Speaking but not listening – early failures of South Africa’s Indaba approach?

Delegates prepare for the second Indaba of the South African conference. (Photo by Chris Colvin)

– This editorial is re-posted from the Yale School of Forestry & Environmental Studies official COP 17 blog, found here.  It was originally titled, “Speaking but not listening: meeting but not engaging.” – 

After four days of COP negotiations it’s apparent that parties need to spend less time delivering statements they have prepared in advance and more time listening to and engaging with the statements of others.

Of course, this problem is as old as multilateral diplomacy itself.  Still, that doesn’t mean it can’t be overcome.  The COP Presidency seems to agree and hosted a traditional South African Indaba over the past two days to address the issue.  A meeting held by the Zulu and Xhosa peoples, an Indaba is meant to bring parties together to discuss a matter of great importance to the community, particularly problems that affect everyone, and to solve intractable or difficult collective challenges.  According to the official invite, “Indabas aim at establishing a common mind or a common story that all participants can take with them. In successful Indabas, participants come with open minds motivated by the spirit of the common good, listening to each other to find compromises that will benefit the community as a whole.”

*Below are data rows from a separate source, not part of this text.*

(* Let $G$ be a $k$-right-regular bipartite Tanner graph with girth $g$ and smallest left degree $d$, in which every right (constraint) node represents a constraint given by a binary linear $[k,k',\epsilon k]$ subcode on its $k$ neighbouring variable nodes, and let $x=\epsilon k-1$. Then the minimum pseudocodeword weights on the BSC and on the AWGN channel each satisfy \[ w_{\min} \ge \begin{cases} 1+dx+d(d-1)x^2+\cdots+d(d-1)^{\frac{g-6}{4}}x^{\frac{g-2}{4}}, & \frac{g}{2}\text{ odd},\\ 1+dx+\cdots+d(d-1)^{\frac{g-8}{4}}x^{\frac{g-4}{4}}+(d-1)^{\frac{g-4}{4}}x^{\frac{g}{4}}, & \frac{g}{2}\text{ even}.\end{cases}\]
   Context: A generalized Tanner graph is a finite bipartite graph with variable nodes $v_1,\dots,v_n$ and constraint nodes, each constraint node $u$ of degree $k$ being associated with a binary linear code of length $k$ (here an $[k,k',\epsilon k]$ code, i.e. of dimension $k'$ and minimum distance $\epsilon k$) on its neighbours; a codeword is an $x\in\{0,1\}^n$ whose restriction to the neighbourhood of every constraint node is a codeword of that node's subcode. A degree-$\ell$ lift $\hat G$ replaces each node by a cloud of $\ell$ copies and each edge $(x,y)$ by a perfect matching between the clouds, each copy of a constraint node carrying the same subcode constraint. A pseudocodeword of $G$ is a nonnegative integer vector $p=(p_1,\dots,p_n)$ obtained from a codeword of some finite lift by letting $p_i$ be the number of copies of $v_i$ with value 1. For nonzero $p$, let $e$ be the smallest number such that the sum of the $e$ largest $p_i$ is at least $\frac12\sum_ip_i$; $w^{BSC}(p)=2e$ if equality holds and $2e-1$ otherwise; $w^{AWGN}(p)=(\sum_ip_i)^2/\sum_ip_i^2$. The minimum pseudocodeword weight on a channel is the minimum of that weight over all nonzero pseudocodewords. *)

From HB Require Import structures.
From mathcomp Require Import all_boot all_order fingroup perm.
From mathcomp Require Import all_algebra.
Set Implicit Arguments. Unset Strict Implicit. Unset Printing Implicit Defensive.
Import Order.TTheory GRing.Theory Num.Theory.

(** A generalized Tanner graph with [n] variable nodes ('I_n), [m] constraint
    nodes ('I_m) in which every constraint node has [k] neighbours.
    [nb u] enumerates the k neighbours of constraint node [u] (a bijection
    'I_k -> neighbourhood of u), fixing the coordinate order in which the
    local subcode [code u] (a binary linear code of length k) is read. *)
Record tanner (n m k : nat) := Tanner {
  adj : 'I_n -> 'I_m -> bool;
  nb : 'I_m -> 'I_k -> 'I_n;
  code : 'I_m -> {vspace 'rV['F_2]_k};
  nb_inj : forall u, injective (nb u);
  nb_adj : forall u j, adj (nb u j) u;
  nb_onto : forall u i, adj i u -> exists j, nb u j = i
}.

Section Defs.
Variables (n m k : nat) (G : tanner n m k).

Definition to_F2 (w : 'I_k -> bool) : 'rV['F_2]_k := \row_j ((w j)%:R)%R.

Definition hweight (c : 'rV['F_2]_k) : nat := #|[set j | c ord0 j != 0%R]|.

Definition is_code_params (C : {vspace 'rV['F_2]_k}) (k' D : nat) : Prop :=
  \dim C = k' /\
  (forall c, c \in C -> c != 0%R -> D <= hweight c) /\
  (exists2 c, c \in C & (c != 0%R) && (hweight c == D)).

Definition left_deg (i : 'I_n) : nat := #|[set u | adj G i u]|.
Definition right_deg (u : 'I_m) : nat := #|[set i | adj G i u]|.

Definition right_regular (kk : nat) : Prop := forall u, right_deg u = kk.

Definition min_left_degree (d : nat) : Prop :=
  (forall i, d <= left_deg i) /\ exists i, left_deg i = d.

Definition tg_rel : rel ('I_n + 'I_m) := fun x y =>
  match x, y with
  | inl i, inr u => adj G i u
  | inr u, inl i => adj G i u
  | _, _ => false
  end.

Definition has_cycle_of_length (L : nat) : Prop :=
  exists s : seq ('I_n + 'I_m), [/\ size s = L, 3 <= L, uniq s & path.cycle tg_rel s].

Definition girth (g : nat) : Prop :=
  has_cycle_of_length g /\ forall L, has_cycle_of_length L -> g <= L.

As a part of the COP, the Indaba was meant to encourage parties to engage with one another and to collaborate through a sharing of ideas , thoughts, and feelings about the way forward on combating climate change.  It was convened with the explicit purpose of moving beyond prepared statements and to articulate a collective vision for what parties would like to see Durban accomplish.

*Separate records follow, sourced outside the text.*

Lemma ran_expect_one_Zk m s k : ran_wf m s -> (1 <= k)%nat ->
  ran_expect 1 (fun x => INR (Zk k x)) s = INR (Zk k s) + iverson (k =? 3) +
    ((INR (k - 1) * INR (Zk (k - 1) s) - outer_count (k - 1) s) -
     (INR k * INR (Zk k s) - outer_count k s)) / INR (2 * m + 1).
Proof.
  intros Hwf Hk; rewrite ran_expect_S.
  set (D := fun v => iverson (degree s v =? k - 1) - iverson (degree s v =? k)).
  rewrite (lsum_ext_in _ _ (fun i => (INR (Zk k s) + iverson (k =? 3)) + lsum (seq 0 (nv s))
    (fun v => iverson (face_mem v (nth i (faces s) (0, 0, 0)%nat)) * D v))).
  2: { intros i Hi; apply in_seq in Hi; exact (Zk_step m s i k Hwf ltac:(lia) Hk). }
  rewrite lsum_plus, lsum_const, lsum_comm, length_seq.
  rewrite (lsum_ext_in (seq 0 (nv s)) _ (fun v => INR (face_count s v) * iverson (degree s v =? k - 1)
    + (-1) * (INR (face_count s v) * iverson (degree s v =? k)))).
  2: { intros v _.
       rewrite (lsum_ext_in _ _ (fun i => D v * iverson (face_mem v (nth i (faces s) (0, 0, 0)%nat))))
         by (intros; ring).
       rewrite lsum_scal, <- face_count_lsum; unfold D; ring. }
  rewrite lsum_plus, lsum_scal, !(lsum_face_count_degree m s) by exact Hwf.
  rewrite (wf_nfaces _ _ Hwf); field; apply not_0_INR; lia.
Qed.

Definition outer_expect (k t : nat) : R := ran_expect t (outer_count k) ran_init.

Lemma Nk_succ t k : (1 <= k)%nat ->
  Nk k (S t) = Nk k t + iverson (k =? 3) +
    ((INR (k - 1) * Nk (k - 1) t - outer_expect (k - 1) t) -
     (INR k * Nk k t - outer_expect k t)) / INR (2 * t + 1).
Proof.
  intros Hk; unfold Nk at 1; rewrite ran_expect_S_r.
  set (c := / INR (2 * t + 1)).
  rewrite (ran_expect_ext_wf t 0 _ (fun x => INR (Zk k x) + (iverson (k =? 3) +
    (c * INR (k - 1) * INR (Zk (k - 1) x) + ((- c) * outer_count (k - 1) x +
    ((- c * INR k) * INR (Zk k x) + c * outer_count k x))))) ran_init ran_wf_init).
  - rewrite !ran_expect_plus, !ran_expect_scal, (ran_expect_const t 0 _ _ ran_wf_init).
    unfold Nk, outer_expect, Rdiv; fold c; ring.
  - intros x Hx; rewrite Nat.add_0_r in Hx.
    rewrite (ran_expect_one_Zk t x k Hx Hk); unfold Rdiv; fold c; ring.
Qed.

Instead, parties continued  to deliver statements regardless of the context around them.  Some (if not most) have a script to read from and a checklist to mark off.  They raise the same points and stick to the same statements regardless of this discussion around them.  It’s like getting participation points in a college seminar.  Others, (the U.S. being the worst example), address the statements of other parties only within the confines of their strict, nonnegotiable negotiating position (oxymoron anyone?).  They insist on the involvement of all parties in an international climate regime, but offer no suggestions on how to move forward; they point out that a new solution is needed, but fail to articulate their role in how that solution will be achieved.  And still others (the Alba group dominated by Cuba, Venezuela, Ecuador, and Bolivia being a prime example) use the COP to push an ideological agenda.  There may be a need for criticism of the world capitalist system dominated by the world’s most developed economies, but not here and not now.  Climate change is a serious problem, and a solution will require serious, productive, and creative dialogue.  An ideological platform that ostracizes but that does not offer viable alternatives or useful suggestions for collaboration is both harmful to the process and detrimental to planet.

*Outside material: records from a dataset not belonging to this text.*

(* Let $\langle B,\wedge,{}'\rangle$ be an algebra with $\wedge$ binary and ${}'$ unary satisfying $x\wedge(y\wedge z)\approx z\wedge(y\wedge x)$, $x''\approx x$, and $x'\approx (x\wedge y)'\wedge(x\wedge y')'$. Then $x\wedge y=y\wedge x$ for all $x,y\in B$. *)


(* Applying the third axiom with [y] and with [c y] factors [c x] as the
   product of [c (meet x y)] and [c (meet x (c y))] in either order.  With the
   first axiom this lets [c x] move across any product [meet P Q = meet Q P]
   whose factor [Q] has the form [c (meet x t)].  Since
   [meet y (meet y x) = meet x (meet y y)], the factorization of [c y] along
   [meet y x] is of that kind, so complements commute; by involutivity every
   element is a complement. *)

Section MeetComm.

Variables (B : Type) (meet : B -> B -> B) (c : B -> B).

Hypothesis meet_swap : forall x y z : B, meet x (meet y z) = meet z (meet y x).
Hypothesis compl_involutive : forall x : B, c (c x) = x.
Hypothesis compl_split :
  forall x y : B, c x = meet (c (meet x y)) (c (meet x (c y))).

Lemma compl_split_swap (x y : B) :
  c x = meet (c (meet x (c y))) (c (meet x y)).
Proof.
  rewrite (compl_split x (c y)), compl_involutive; reflexivity.
Qed.

Lemma meet_compl_expand (x y u : B) :
  meet u (c x) = meet (c (meet x y)) (meet (c (meet x (c y))) u).
Proof.
  rewrite (compl_split_swap x y), meet_swap; reflexivity.
Qed.

Lemma meet_compl_expand_swap (x y u : B) :
  meet (c (meet x (c y))) (meet (c (meet x y)) u) = meet u (c x).
Proof.
  rewrite (meet_compl_expand x (c y) u), compl_involutive; reflexivity.
Qed.

Lemma meet_compl_shuffle (x t u : B) :
  meet (c x) (meet u (c (meet x t))) = meet (meet (c (meet x t)) u) (c x).
Proof.
  rewrite meet_swap, <- (meet_compl_expand_swap x t u).
  symmetry; apply meet_compl_expand.
Qed.

Lemma compl_comm (x y : B) : meet (c x) (c y) = meet (c y) (c x).
Proof.
  set (P := c (meet y (c (meet y x)))).
  set (Q := c (meet y (meet y x))).
  assert (PQ : meet P Q = c y) by (symmetry; apply compl_split_swap).
  assert (QP : meet Q P = c y) by (symmetry; apply compl_split).
  assert (Q_at_x : Q = c (meet x (meet y y))) by (unfold Q; rewrite meet_swap; reflexivity).
  transitivity (meet (c x) (meet P Q)); [rewrite PQ; reflexivity |].
  transitivity (meet (meet Q P) (c x)); [| rewrite QP; reflexivity].
  rewrite Q_at_x; apply meet_compl_shuffle.
Qed.

Lemma meet_comm (x y : B) : meet x y = meet y x.
Proof.
  rewrite <- (compl_involutive x), <- (compl_involutive y).
  apply compl_comm.
Qed.

End MeetComm.

Theorem corollary7p7 (B : Type) (meet : B -> B -> B) (c : B -> B)
  (H1 : forall x y z : B, meet x (meet y z) = meet z (meet y x))
  (H2 : forall x : B, c (c x) = x)
  (H3 : forall x y : B, c x = meet (c (meet x y)) (c (meet x (c y)))) :
  forall x y : B, meet x y = meet y x.
Proof.
  exact (meet_comm B meet c H1 H2 H3).
Qed.
(* Let $0\le\alpha<n$, $0<\delta<1$, $1\le r\le\infty$, $m$ a nonnegative integer, $\tilde\alpha=m\delta+\alpha$ and $\tilde\delta\le\min\{\delta,\tilde\alpha-n/r\}$. If $w\in\mathbb{H}(r,\tilde\alpha,\tilde\delta)$, then $\tilde\delta=\tilde\alpha-n/r$.
   Context: A weight is a nonnegative locally integrable function; $w(B)=\int_Bw$; $x_B$ is the center of the ball $B$; $r'$ the conjugate exponent. For $0\le\alpha<n$, $0\le\delta\le1$, $\tilde\alpha=m\delta+\alpha$, $\tilde\delta\le\delta$, a pair $(w,v)$ belongs to $\mathbb{H}(r,\tilde\alpha,\tilde\delta)$ if for some $C$ and every ball $B$: if $1<r\le\infty$, $|B|^{(\delta-\tilde\delta)/n}\big(\int_{\mathbb{R}^n}\frac{v^{r'}(y)}{(|B|^{1/n}+|x_B-y|)^{r'(n-\tilde\alpha+\delta)}}dy\big)^{1/r'}\le C\frac{w(B)}{|B|}$; if $r=1$, $|B|^{(\delta-\tilde\delta)/n}\big\|\frac{v(\cdot)}{(|B|^{1/n}+|x_B-\cdot|)^{n-\tilde\alpha+\delta}}\big\|_\infty\le C\frac{w(B)}{|B|}$. A single weight $w$ is in the class if $(w,w)$ is. *)

From HB Require Import structures.
From mathcomp Require Import all_boot all_order all_algebra.
From mathcomp Require Import all_classical all_reals all_analysis.
From mathcomp Require Import ess_sup_inf.
Set Implicit Arguments. Unset Strict Implicit. Unset Printing Implicit Defensive.
Import Order.TTheory GRing.Theory Num.Theory.
Import numFieldNormedType.Exports.
Local Open Scope classical_set_scope.
Local Open Scope ring_scope.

There were some key exceptions at the Indaba.  The Bahamas spoke frankly, off the cuff, and engaged with the idea of commitments from all parties, developed and developing.  Cape Verde delivered a moving allegory about the Titanic refusing to stop to help a tiny sinking boat.  In the story, the small boat sank, but, as we all know, the Titanic hit an iceberg before it could complete its own journey.  Applied to climate change, the delegate from Cape Verde pleaded that the island states may disappear in the short-term, but “business as usual” also spells disaster for all states in the long-run.  Cape Verde outlined a philosophy for climate negotiations that all parties should adopt.  And it articulated the common story that the Indaba was meant to create.